The New News Game Many of the bias complaints were actually thinly disguised laments about the lack of “standards” in modern journalism. This was often expressed as a nostalgic desire for some golden era when the front page was comprised exclusively of inverted pyramids and just-the-facts news writing. But as the Internet has taken over information-dispersal, newspapers and newsweeklies have necessarily become more like feature-driven magazines. That’s not due to the personal predilections of a cabal of lefty editors; it’s the marketplace that’s driving them to redefine their role in an effort to remain relevant and survive.

Absence of Evidence Can Be Evidence of Absence Another frequent conservative complaint was that the press was not letting the public in on the “real” Obama. Where was the blockbuster photo of Obama and Bill Ayers in a Hyde Park hot tub? How about a smoking-gun canceled check from Tony Rezko buried in the Cook County conveyance records? Surely, the conservative critics seemed to be suggesting, this type of damning evidence must be out there. In fact, Ayers, Rezko, and other potential Obama campaign detonators (Reverend Wright?) got plenty of page-one coverage—it just didn’t change the public’s perception of Obama or the trajectory of the campaign, much as the revelation of George W. Bush’s DUI arrest didn’t change the 2000 campaign. As a friend of mine in politics used to say, sometimes where there is smoke, there is fire, and sometimes there’s just a smoke machine.

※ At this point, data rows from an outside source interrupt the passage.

Lemma sqr_norm_le_moreau (ucs : R) x : 0 < ucs -> (forall z, nrm z <= ucs * ns z) ->
  nrm x ^+ 2 <= (1 + xi * ucs ^+ 2) * (2 * M x).
Proof.
move=> ucs_gt0 nrm_le; set C := xi * ucs ^+ 2.
have C_gt0 : 0 < C by rewrite mulr_gt0 // exprn_gt0.
have C2_gt0 : 0 < (1 + C) * 2 by rewrite mulr_gt0 ?addr_gt0.
rewrite mulrA -ler_pdivrMl //.
apply: moreau_ge => u.
case: nrm_norm ns_norm => [n_ge0 _ _ nD] [s_ge0 _ _ _].
set a := nrm u; set b := nrm (x - u); set S := ns (x - u).
have tri : nrm x <= a + b by have := nD u (x - u); rewrite subrKC.
have b_le : b ^+ 2 <= ucs ^+ 2 * S ^+ 2.
  by rewrite -exprMn lerXn2r ?nnegrE ?mulr_ge0 ?n_ge0 ?s_ge0 ?(ltW ucs_gt0) //; apply: nrm_le.
have young : C * (a + b) ^+ 2 <= (1 + C) * (C * a ^+ 2 + b ^+ 2).
  have -> : (1 + C) * (C * a ^+ 2 + b ^+ 2) = C * (a + b) ^+ 2 + (C * a - b) ^+ 2 by ring.
  by rewrite lerDl sqr_ge0.
rewrite ler_pdivrMl // -(ler_pM2l C_gt0).
have -> : C * ((1 + C) * 2 * (2^-1 * a ^+ 2 + (2 * xi)^-1 * S ^+ 2))
    = (1 + C) * (C * a ^+ 2 + ucs ^+ 2 * S ^+ 2) by rewrite /C; field; rewrite gt_eqF.
apply: le_trans (ler_wpM2l (ltW C_gt0) (_ : nrm x ^+ 2 <= (a + b) ^+ 2)) _.
  by rewrite lerXn2r ?nnegrE ?addr_ge0 ?n_ge0.
apply: le_trans young _; apply: ler_wpM2l; first by rewrite addr_ge0 // ltW.
by rewrite lerD2l.
Qed.

Lemma moreau_le_sqr_norm (lcs : R) y : 0 < lcs -> (forall z, lcs * ns z <= nrm z) ->
  (1 + xi * lcs ^+ 2) * (2 * M y) <= nrm y ^+ 2.
Proof.
move=> lcs_gt0 le_nrm; set c := xi * lcs ^+ 2.
have c_gt0 : 0 < c by rewrite mulr_gt0 // exprn_gt0.
have c1_gt0 : 0 < 1 + c by rewrite addr_gt0.
have [n_ge0 _ nZ _] := nrm_norm; have [s_ge0 _ sZ _] := ns_norm.
apply: le_trans (ler_wpM2l (ltW c1_gt0)
  (ler_wpM2l (ler0n _ 2) (moreau_le y ((1 + c)^-1 *: y)))) _.
have -> : y - (1 + c)^-1 *: y = (c / (1 + c)) *: y.
  by rewrite -[X in X - _]scale1r -scalerBl; congr (_ *: _); field; rewrite gt_eqF.
rewrite nZ sZ !ger0_norm ?divr_ge0 ?invr_ge0 ?(ltW c_gt0) ?(ltW c1_gt0) //.
set n := nrm y; set S := ns y.
have S_le : c * S ^+ 2 <= xi * n ^+ 2.
  rewrite /c -mulrA ler_wpM2l ?(ltW xi_gt0) // -exprMn.
  by rewrite lerXn2r ?nnegrE ?mulr_ge0 ?s_ge0 ?n_ge0 ?(ltW lcs_gt0) //; apply: le_nrm.
have -> : (1 + c) * (2 * (2^-1 * ((1 + c)^-1 * n) ^+ 2
            + (2 * xi)^-1 * (c / (1 + c) * S) ^+ 2))
    = (n ^+ 2 + c / xi * (c * S ^+ 2)) / (1 + c).
  by field; rewrite !gt_eqF.
rewrite ler_pdivrMr //.
have -> : n ^+ 2 * (1 + c) = n ^+ 2 + c / xi * (xi * n ^+ 2) by field; rewrite gt_eqF.
by rewrite lerD2l ler_wpM2l ?divr_ge0 ?(ltW c_gt0) ?(ltW xi_gt0).
Qed.
Section Bounds.
Variables (V : finType) (A : rel V) (C : V -> V -> nat).
Hypotheses (loopA : loopless A) (rfree : rainbow_free A C).

Lemma digraph_code_in_search (x0 : V) (S : {set V}) (sv : seq V) target f k :
  uniq sv -> S =i sv -> target <= arcs_colors A C S -> k + f = size (slots (size sv)) ->
  canon (digraph_code A C x0 sv) \in
    search (triangle_slots (size sv)) target f (take k (canon (digraph_code A C x0 sv))).
Proof.
move=> uniq_sv S_sv big kf; apply: search_complete.
- exact: canonical_canon.
- exact/rainbow_freeb_canon/rainbow_freeb_digraph_code.
- by rewrite (code_weight_digraph_code _ _ loopA uniq_sv S_sv).
- by rewrite !size_map.
Qed.

Lemma arcs_colors_step (S : {set V}) : 4 <= #|S| -> exists2 x, x \in S &
  arcs_colors A C S <= arcs_colors A C (S :\ x) + (#|S| - 1).*2 + #|S| %/ 2.
Proof.
move=> S_ge4; have [x Sx few] := exists_few_private loopA rfree S_ge4.
by exists x => //; have := arcs_colors_del A C Sx; have := degree_add_missing loopA Sx; lia.
Qed.

Lemma arcs_colors_card3 (S : {set V}) : #|S| = 3 -> arcs_colors A C S <= 10.
Proof.
move=> S3; rewrite leqNgt; apply/negP => big.
have [x0 _] : exists x0, x0 \in S by apply/card_gt0P; rewrite S3.
have := digraph_code_in_search x0 (enum_uniq S) (fun x => esym (mem_enum _ x)) big
  (k := 0) (f := 6).
by rewrite -cardE S3 take0 search3_nil => /(_ erefl).
Qed.
(* Let $I,J\subseteq\mathbb{R}$ be finite nonempty subsets and let $a=(a_i: i\in I)$ and $b=(b_j: j\in J)$ be two sequences of non-negative real numbers. For each $t\in I+J$, let $u_t(a,b)=\max\{a_i+b_{t-i}: i\in I,\ t-i\in J\}$. Then $$\frac{1}{|I|+|J|-1}\sum_{t\in I+J}u_t(a,b)\ \ge\ \frac{1}{|I|}\sum_{i\in I}a_i+\frac{1}{|J|}\sum_{j\in J}b_j.$$ Moreover, if $\min(|I|,|J|)\ge 2$ and $a_i>0$, $b_j>0$ for all $i\in I$, $j\in J$, then equality holds if and only if $I$ and $J$ are arithmetic progressions with a common difference and the sequences $a$ and $b$ (indexed in increasing order of $I$ and $J$) are arithmetic progressions with a common difference.
   Context: $I+J=\{i+j: i\in I, j\in J\}$. *)

From HB Require Import structures.
From mathcomp Require Import all_boot all_order all_algebra.
From mathcomp Require Import finmap.
Set Implicit Arguments. Unset Strict Implicit. Unset Printing Implicit Defensive.
Import Order.TTheory GRing.Theory Num.Theory.
Local Open Scope fset_scope.
Local Open Scope ring_scope.

Definition sumset (R : realFieldType) (I J : {fset R}) : {fset R} :=
  [fset i + j | i in I, j in J].

(* u_t(a,b) = max { a_i + b_(t-i) : i in I, t - i in J }.
   The max is taken with default 0; since a, b are non-negative and the
   index set is non-empty for t in I+J, this is the genuine maximum. *)
Definition u_t (R : realFieldType) (I J : {fset R}) (a b : R -> R) (t : R) : R :=
  \big[Num.max/0]_(i <- I | (t - i) \in J) (a i + b (t - i)).

Definition ap_set (R : realFieldType) (x0 d : R) (n : nat) : {fset R} :=
  [fset x0 + k%:R * d | k in iota 0 n].

(* Induct on |I| + |J| by removing the least elements x1 of I and y1 of J.
   Since x1 + y1 is not a sum from (I minus x1) + J, removing x1 lowers the
   envelope sum by at least a x1 + b y1, and likewise for y1.  The right-hand
   sides for (I minus x1, J) and (I, J minus y1), weighted by |I| - 1 and
   |J| - 1, add up exactly to (|I| + |J| - 2) times (the right-hand side for
   (I, J) minus a x1 - b y1), which closes the induction.
   In the equality case both removals are tight.  By positivity x1 + y2 must
   then already be a sum from (I minus x1) + J, which forces the second gaps
   x2 - x1 and y2 - y1 to agree; the two tight bounds have equal right-hand
   sides, which makes b y1 continue the progression of b on J minus y1.  The
   converse is a computation on arithmetic progressions. *)

From HB Require Import structures.
From mathcomp Require Import all_boot all_order all_algebra.
From mathcomp Require Import finmap.
From mathcomp Require Import ring lra zify.
Import Order.TTheory GRing.Theory Num.Theory.
Local Open Scope fset_scope.
Local Open Scope ring_scope.

Section Envelope.
Local Set Implicit Arguments. Local Unset Strict Implicit.
Variable R : realFieldType.
Implicit Types (I J S T : {fset R}) (a b f : R -> R) (d t x y : R).

Definition least S x := x \in S /\ {in S, forall y, x <= y}.

Lemma least_exists S : S != fset0 -> exists x, least S x.
Proof.
case/fset0Pn=> z zS.
case: (arg_minP (fun i : S => val i) (isT : predT [` zS])) => i _ min_i.
by exists (val i); split=> [|y yS]; [exact: valP | exact: (min_i [` yS])].
Qed.

Lemma sumsetP I J t :
  reflect (exists2 i, i \in I & exists2 j, j \in J & t = i + j) (t \in sumset I J).
Proof.
by apply: (iffP (imfset2P _ _ _ _ _)) => -[i iI [j jJ ->]]; exists i => //; exists j.
Qed.

Lemma sumsetC I J : sumset I J = sumset J I.
Proof.
by apply/fsetP=> t; apply/sumsetP/sumsetP=> -[i iI [j jJ ->]];
  exists j => //; exists i; rewrite // addrC.
Qed.

Lemma sumsetSl I I' J : I' `<=` I -> sumset I' J `<=` sumset I J.
Proof.
move/fsubsetP=> sI'I; apply/fsubsetP=> t /sumsetP[i iI' [j jJ ->]].
by apply/sumsetP; exists i; [exact: sI'I | exists j].
Qed.

Lemma u_t_ge0 I J a b t : 0 <= u_t I J a b t.
Proof. exact: bigmax_ge_id. Qed.

(* [0 <= c] is needed because the maximum in [u_t] starts from [0]. *)
Lemma u_t_le I J a b t c : 0 <= c ->
  (forall i, i \in I -> t - i \in J -> a i + b (t - i) <= c) -> u_t I J a b t <= c.
Proof.
move=> c_ge0 le_c; rewrite /u_t big_seq_cond.
by apply: bigmax_le => // i /andP[]; exact: le_c.
Qed.

Lemma le_u_t I J a b t i : i \in I -> t - i \in J -> a i + b (t - i) <= u_t I J a b t.
Proof. exact: le_bigmax_seq. Qed.

Lemma le_u_t_add I J a b i j : i \in I -> j \in J -> a i + b j <= u_t I J a b (i + j).
Proof.
by move=> iI jJ; have := le_u_t (t := i + j) a b iI; rewrite addrAC subrr add0r; apply.
Qed.
Lemma ifP_sumR {A : Type} (P : Prop) (f : A -> R) (l : list A) :
  ifP P (sumR f l) = sumR (fun x => ifP P (f x)) l.
Proof.
  destruct (classic P) as [HP | HP].
  - rewrite ifP_true by exact HP; apply sumR_ext; intros; symmetry; apply ifP_true, HP.
  - rewrite ifP_false, <- (sumR_const0 l) by exact HP.
    apply sumR_ext; intros; symmetry; apply ifP_false, HP.
Qed.

Lemma sumR_ifP_unique_le {A : Type} (P : A -> Prop) (f : A -> R) (l : list A) (K : R) :
  NoDup l -> (forall x y, In x l -> In y l -> P x -> P y -> x = y) ->
  (forall x, In x l -> f x <= K) -> 0 <= K ->
  sumR (fun x => ifP (P x) (f x)) l <= K.
Proof.
  induction l as [|x l IH]; intros Hnd Huniq Hf HK; simpl; [lra|].
  inversion Hnd as [|? ? Hx Hl]; subst.
  destruct (classic (P x)) as [Px | Px].
  - assert (Hrest : sumR (fun y => ifP (P y) (f y)) l = 0).
    { rewrite <- (sumR_const0 l); apply sumR_ext; intros y Hy; apply ifP_false; intros Py.
      assert (x = y) by (apply Huniq; simpl; auto); subst; tauto. }
    rewrite ifP_true, Hrest by exact Px; pose proof (Hf x (or_introl eq_refl)); lra.
  - rewrite ifP_false, Rplus_0_l by exact Px.
    apply IH; auto; intros; [apply Huniq | apply Hf]; simpl; auto.
Qed.

Lemma is_word_snoc (b : nat) (w : list nat) (a : nat) :
  is_word b w -> (a < b)%nat -> is_word b (w ++ [a]).
Proof. intros Hw Ha; apply Forall_app; split; [exact Hw | constructor; auto]. Qed.

Lemma sumR_words_S (b m : nat) (f : list nat -> R) :
  sumR f (words b (S m)) =
  sumR (fun w => sumR (fun a => f (w ++ [a])) (seq 0 b)) (words b m).
Proof.
  simpl words; rewrite sumR_flat_map; apply sumR_ext; intros; apply sumR_map.
Qed.

Lemma in_words (b m : nat) (w : list nat) :
  In w (words b m) -> is_word b w /\ length w = m.
Proof.
  revert w; induction m as [|m IH]; intros w Hw; simpl in Hw.
  - destruct Hw as [<- | []]; split; [constructor | reflexivity].
  - apply in_flat_map in Hw as [v [Hv Hw]].
    apply in_map_iff in Hw as [a [<- Ha]]; apply in_seq in Ha.
    destruct (IH v Hv) as [Hvw Hvl]; split.
    + apply is_word_snoc; [exact Hvw | lia].
    + rewrite length_app; simpl; lia.
Qed.

Lemma NoDup_flat_map {A B : Type} (f : A -> list B) (l : list A) :
  NoDup l -> (forall x, In x l -> NoDup (f x)) ->
  (forall x y z, In x l -> In y l -> In z (f x) -> In z (f y) -> x = y) ->
  NoDup (flat_map f l).
Proof.
  induction l as [|x l IH]; intros Hnd Hf Hdisj; simpl; [constructor|].
  inversion Hnd; subst; apply NoDup_app.
  - apply Hf; left; auto.
  - apply IH; auto.
    + intros; apply Hf; right; auto.
    + intros; eapply Hdisj; eauto; right; auto.
  - intros z Hz Hz'; apply in_flat_map in Hz' as [y [Hy Hzy]].
    assert (x = y) by (eapply Hdisj; eauto; [left | right]; auto); subst; tauto.
Qed.

Lemma words_NoDup (b m : nat) : NoDup (words b m).
Proof.
  induction m; simpl; [repeat constructor; simpl; tauto|].
  apply NoDup_flat_map; auto.
  - intros w _; apply NoDup_map_NoDup_ForallPairs; [|apply seq_NoDup].
    intros a a' _ _ E; apply app_inj_tail in E; tauto.
  - intros w v z _ _ Hw Hv.
    apply in_map_iff in Hw as [a [<- _]]; apply in_map_iff in Hv as [a' [E _]].
    apply app_inj_tail in E; intuition.
Qed.

Lemma Rdiv_nonneg (x y : R) : 0 <= x -> 0 < y -> 0 <= x / y.
Proof. intros; apply Rmult_le_pos; [|left; apply Rinv_0_lt_compat]; lra. Qed.

Lemma Rdiv_le_compat_r (x y z : R) : 0 < z -> x <= y -> x / z <= y / z.
Proof. intros; apply Rmult_le_compat_r; [left; apply Rinv_0_lt_compat|]; lra. Qed.

Lemma Rdiv_le_1 (x y : R) : 0 < y -> x <= y -> x / y <= 1.
Proof. intros; rewrite <- (Rdiv_diag y) by lra; apply Rdiv_le_compat_r; lra. Qed.

Lemma INR_lt_succ_le (a n : nat) : (a < n)%nat -> INR a + 1 <= INR n.
Proof. intros Ha; rewrite <- S_INR; apply le_INR; lia. Qed.

Section Cylinders.
Variable b : nat.
Hypothesis Hb : (2 <= b)%nat.

Lemma INR_b_pos : 0 < INR b.
Proof. apply lt_0_INR; lia. Qed.

Lemma INR_b_ge_2 : 2 <= INR b.
Proof. replace 2 with (INR 2) by (simpl; lra); apply le_INR, Hb. Qed.

Lemma left_pt_snoc (w : list nat) (a : nat) :
  left_pt b (w ++ [a]) = left_pt b w + INR a / INR b ^ S (length w).
Proof.
  pose proof INR_b_pos.
  induction w as [|x w IH]; simpl.
  - field; lra.
  - rewrite IH; simpl pow; field; split; [apply pow_nonzero|]; lra.
Qed.
(* Let $E$ be a nonzero real Banach space, $f_0\colon E\times E^*\to\,]{-}\infty,\infty]$ proper, convex and lower semicontinuous, $z^{**}\in E^{**}$ with $f_0^{**}(z^{**},0)\le0$, and $z^*\in E^*$. Then for all $n\in\mathbb N$ there exists $(x_n,x_n^* )\in E\times E^*$ such that $f_0(x_n,x_n^* )\le1/n^2$, $\|x_n\|\le\|z^{**}\|+1/n^2$, $\|x_n^*\|\le1/n^2$ and $|\langle x_n,z^*\rangle-\langle z^*,z^{**}\rangle|\le1/n^2$.
   Context: $(E\times E^* )^*$ is identified with $E^*\times E^{**}$ via $\langle (x,x^* ),(y^*,y^{**})\rangle=\langle x,y^*\rangle+\langle x^*,y^{**}\rangle$, so $(E\times E^* )^{**}$ is identified with $E^{**}\times E^{***}$; $f_0^*$ is the Fenchel conjugate on $E^*\times E^{**}$ and $f_0^{**}(x^{**},x^{***})=\sup_{(y^*,y^{**})}[\langle y^*,x^{**}\rangle+\langle y^{**},x^{***}\rangle-f_0^*(y^*,y^{**})]$. *)

From HB Require Import structures.
From mathcomp Require Import all_boot all_order all_algebra.
From mathcomp Require Import all_classical all_reals all_analysis.
Set Implicit Arguments. Unset Strict Implicit. Unset Printing Implicit Defensive.
Import Order.TTheory GRing.Theory Num.Theory.
Import numFieldNormedType.Exports.
Local Open Scope classical_set_scope.
Local Open Scope ring_scope.

Section Duality.
Variables (R : realType) (E : normedModType R).

Definition is_dual (phi : E -> R) : Prop :=
  (forall (a : R) (x y : E), phi (a *: x + y) = a * phi x + phi y) /\ continuous phi.

Definition dnorm (phi : E -> R) : R :=
  sup [set `|phi x| | x in [set x : E | `|x| <= 1]].

Definition is_bidual (z : (E -> R) -> R) : Prop :=
  (forall (a : R) (phi psi : E -> R), is_dual phi -> is_dual psi ->
      z (fun x => a * phi x + psi x) = a * z phi + z psi) /\
  exists M : R, forall phi, is_dual phi -> `|z phi| <= M * dnorm phi.

Definition bnorm (z : (E -> R) -> R) : R :=
  sup [set `|z phi| | phi in [set phi | is_dual phi /\ dnorm phi <= 1]].

(* f : E x E^* -> ]-oo, +oo] ; only its values on E x E^* matter  *)
Definition proper_fun (f : E -> (E -> R) -> \bar R) : Prop :=
  (forall x phi, is_dual phi -> f x phi != -oo%E) /\
  (exists x phi, is_dual phi /\ f x phi != +oo%E).

Definition convex_fun (f : E -> (E -> R) -> \bar R) : Prop :=
  forall (x : E) phi (y : E) psi (t : R), is_dual phi -> is_dual psi -> 0 <= t <= 1 ->
    (f (t *: x + (1 - t) *: y)%R (fun u => t * phi u + (1 - t) * psi u)%R
       <= t%:E * f x phi + (1 - t)%:E * f y psi)%E.

Definition lsc_fun (f : E -> (E -> R) -> \bar R) : Prop :=
  forall (x : E) phi, is_dual phi -> forall r : R, (r%:E < f x phi)%E ->
    exists2 d : R, 0 < d & forall (y : E) psi, is_dual psi ->
      `|y - x| < d -> dnorm (fun u => psi u - phi u) < d -> (r%:E < f y psi)%E.

Definition fconj (f : E -> (E -> R) -> \bar R) (ys : E -> R) (yss : (E -> R) -> R)
  : \bar R :=
  ereal_sup [set v | exists x phi, is_dual phi /\
                       v = ((ys x + yss phi)%:E - f x phi)%E].
(* Only the smaller configuration [z'] needs a density bound: it dominates the series. *)
Lemma psi_monotone k y y' z z' g : 0 < g -> 0 < y -> y <= y' -> (forall b, z' b <= z b) ->
  in_Ylow g z' -> psi k y z <= psi k y' z'.
Proof.
  intros Hg Hy Hyy Hzz Hz'. pose proof (proj1 Hz') as Hpos.
  unfold psi. destruct (Rlt_dec 0 y); [|lra]. destruct (Rlt_dec 0 y'); [|lra].
  apply Rmult_le_compat_l; [lra|]. apply Rplus_le_compat; apply series_le.
  - intros j. pose proof (zint_right_gt0 z' k j Hpos). pose proof (zint_le z z' k (k + 2 + Z.of_nat j) Hzz).
    split; [apply psi_term_ge0|apply psi_term_antitone]; lra.
  - apply (psi_right_summable z' g); auto.
  - intros j. pose proof (zint_left_gt0 z' k j Hpos). pose proof (zint_le z z' k (k - 1 - Z.of_nat j) Hzz).
    split; [apply psi_term_ge0|apply psi_term_antitone]; lra.
  - apply (psi_left_summable z' g); auto.
Qed.

Lemma drift_antitone k y y' z z' g : 0 < g -> 0 < y -> y <= y' -> (forall b, z' b <= z b) ->
  in_Ylow g z' -> / y' - psi k y' z' <= / y - psi k y z.
Proof.
  intros Hg Hy Hyy Hzz Hz'. pose proof (psi_monotone k y y' z z' g Hg Hy Hyy Hzz Hz').
  assert (/ y' <= / y) by (apply Rinv_le_contravar; lra). lra.
Qed.

Lemma drift_le_inv k y y' z : 0 < y -> y <= y' -> (forall b, 0 < z b) ->
  / y' - psi k y' z <= / y.
Proof.
  intros Hy Hyy Hz. pose proof (psi_ge0 k y' z Hz).
  assert (/ y' <= / y) by (apply Rinv_le_contravar; lra). lra.
Qed.

(** * Comparison principle *)

Lemma cont_nonneg_sub f g : cont_nonneg f -> cont_nonneg g -> cont_nonneg (fun x => f x - g x).
Proof.
  intros Hf Hg t Ht eps He.
  destruct (Hf t Ht (eps / 2) ltac:(lra)) as [d1 [Hd1 H1]].
  destruct (Hg t Ht (eps / 2) ltac:(lra)) as [d2 [Hd2 H2]].
  exists (Rmin d1 d2). split; [apply Rmin_glb_lt; auto|]. intros s Hs Hsd.
  specialize (H1 s Hs (Rlt_le_trans _ _ _ Hsd (Rmin_l _ _))).
  specialize (H2 s Hs (Rlt_le_trans _ _ _ Hsd (Rmin_r _ _))).
  apply Rabs_def2 in H1; apply Rabs_def2 in H2. apply Rabs_def1; lra.
Qed.

(* Take [s] the last time before [t] with [D s >= 0]; then [D < 0] on (s, t]. *)
Lemma ge0_of_nondecreasing_while_neg (D : R -> R) : cont_nonneg D -> 0 <= D 0 ->
  (forall s t, 0 <= s <= t -> (forall u, s < u <= t -> D u < 0) -> D s <= D t) ->
  forall t, 0 <= t -> 0 <= D t.
Proof.
  intros Hc H0 Hinc t Ht. destruct (Rle_lt_dec 0 (D t)) as [|Hneg]; [assumption|exfalso].
  set (E := fun x => 0 <= x <= t /\ 0 <= D x).
  destruct (completeness E) as [s [Hub Hlub]].
  { exists t; intros x [Hx _]; lra. }
  { exists 0; unfold E; lra. }
  assert (Hs0 : 0 <= s) by (apply Hub; unfold E; lra).
  assert (Hst : s <= t) by (apply Hlub; intros x [Hx _]; lra).
  assert (HDs : 0 <= D s).
  { destruct (Rle_lt_dec 0 (D s)) as [|q]; [assumption|exfalso].
    destruct (Hc s Hs0 (- D s) ltac:(lra)) as [del [Hdel Hd]].
    destruct (classic (exists x, E x /\ s - del < x)) as [[x [[Hx HDx] Hxs]]|Hn].
    - assert (x <= s) by (apply Hub; split; auto).
      specialize (Hd x ltac:(lra) ltac:(apply Rabs_def1; lra)).
      apply Rabs_def2 in Hd. lra.
    - assert (s <= s - del); [|lra]. apply Hlub. intros x Hx.
      destruct (Rle_lt_dec x (s - del)); auto. exfalso; eauto. }
  assert (HDu : forall u, s < u <= t -> D u < 0).
  { intros u Hu. destruct (Rle_lt_dec 0 (D u)) as [q|q]; auto.
    assert (u <= s) by (apply Hub; unfold E; split; [lra|auto]). lra. }
  specialize (Hinc s t (conj Hs0 Hst) HDu). lra.
Qed.

Lemma integral_0 f I : is_integral f 0 I -> I = 0.
Proof. intros [p E]. rewrite <- E. apply RiemannInt_P9. Qed.

Lemma integral_increment_le f1 f2 s t A1 B1 A2 B2 : 0 <= s <= t ->
  is_integral f1 s A1 -> is_integral f1 t B1 -> is_integral f2 s A2 -> is_integral f2 t B2 ->
  (forall u, s < u < t -> f2 u <= f1 u) -> B2 - A2 <= B1 - A1.
Proof.
  intros [Hs Hst] [p1s E1s] [p1t E1t] [p2s E2s] [p2t E2t] Hle.
  pose (q1 := RiemannInt_P23 p1t (conj Hs Hst)).
  pose (q2 := RiemannInt_P23 p2t (conj Hs Hst)).
  pose proof (RiemannInt_P26 p1s q1 p1t). pose proof (RiemannInt_P26 p2s q2 p2t).
  pose proof (RiemannInt_P19 q2 q1 Hst Hle). lra.
Qed.

(* [X_i t = c_i + W t + beta * int_0^t f_i]; the common noise [W] cancels in [X1 - X2]. *)
Lemma integral_equation_comparison (X1 X2 f1 f2 W : R -> R) (c1 c2 beta : R) : 0 < beta ->
  cont_nonneg X1 -> cont_nonneg X2 -> c2 <= c1 ->
  (forall t, 0 <= t -> is_integral f1 t ((X1 t - c1 - W t) / beta)) ->
  (forall t, 0 <= t -> is_integral f2 t ((X2 t - c2 - W t) / beta)) ->
  (forall u, 0 <= u -> X1 u < X2 u -> f2 u <= f1 u) ->
  forall t, 0 <= t -> X2 t <= X1 t.
Proof.
  intros Hb Hc1 Hc2 Hc H1 H2 Hdrift t Ht.
  assert (Hdiv : forall x y, x / beta <= y / beta -> x <= y).
  { intros x y Hxy. apply (Rmult_le_reg_r (/ beta)); [apply Rinv_0_lt_compat; lra|exact Hxy]. }
  enough (0 <= X1 t - X2 t) by lra.
  apply (ge0_of_nondecreasing_while_neg (fun x => X1 x - X2 x)); auto.
  - apply cont_nonneg_sub; assumption.
  - pose proof (integral_0 _ _ (H1 0 (Rle_refl 0))) as E1.
    pose proof (integral_0 _ _ (H2 0 (Rle_refl 0))) as E2.
    assert (0 <= X1 0 - c1 - W 0 /\ X2 0 - c2 - W 0 <= 0) as [].
    { split; apply Hdiv; unfold Rdiv in *; lra. }
    cbv beta; lra.
  - intros s u Hsu Hneg.
    assert (Hinc : (X2 u - c2 - W u) / beta - (X2 s - c2 - W s) / beta
                   <= (X1 u - c1 - W u) / beta - (X1 s - c1 - W s) / beta).
    { apply (integral_increment_le f1 f2 s u); try apply H1; try apply H2; try lra.
      intros v Hv. apply Hdrift; [lra|]. specialize (Hneg v ltac:(lra)). lra. }
    enough (X2 u - X2 s <= X1 u - X1 s) by (cbv beta; lra).
    apply Hdiv. unfold Rdiv in *. lra.
Qed.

Open Your Ears, Your Mind Will Follow This is equal-opportunity advice for liberals and conservatives. One of the less-savory aspects of media proliferation is that, if we choose, we can get our news exclusively from outlets that reflect our own views back at us. This should be resisted. As a center-lefty, I nonetheless spent a lot of time during the campaign watching Fox News, browsing The National Review Online, and grazing daily at The Drudge Report. Sure, it was tedious at times to sit through Sean Hannity’s nightly “a noun, a verb, and Bill Ayers” routine, but more often than not, plugging into the conservative media reminded me that facts, in addition to being stubborn things, are unpredictable in their associations and sometimes even wind up housed in the pie hole of a beefy Irish blowhard.

The urge to dismiss news simply because it originates in a hostile precinct may be human but it’s also shortsighted—and it leads to a kind of informational provincialism in which anyone not from your ideological tribe is viewed as irredeemably untrustworthy. In a country founded on shared ideas, not a shared identity, I can’t think of a bias more un-American than that.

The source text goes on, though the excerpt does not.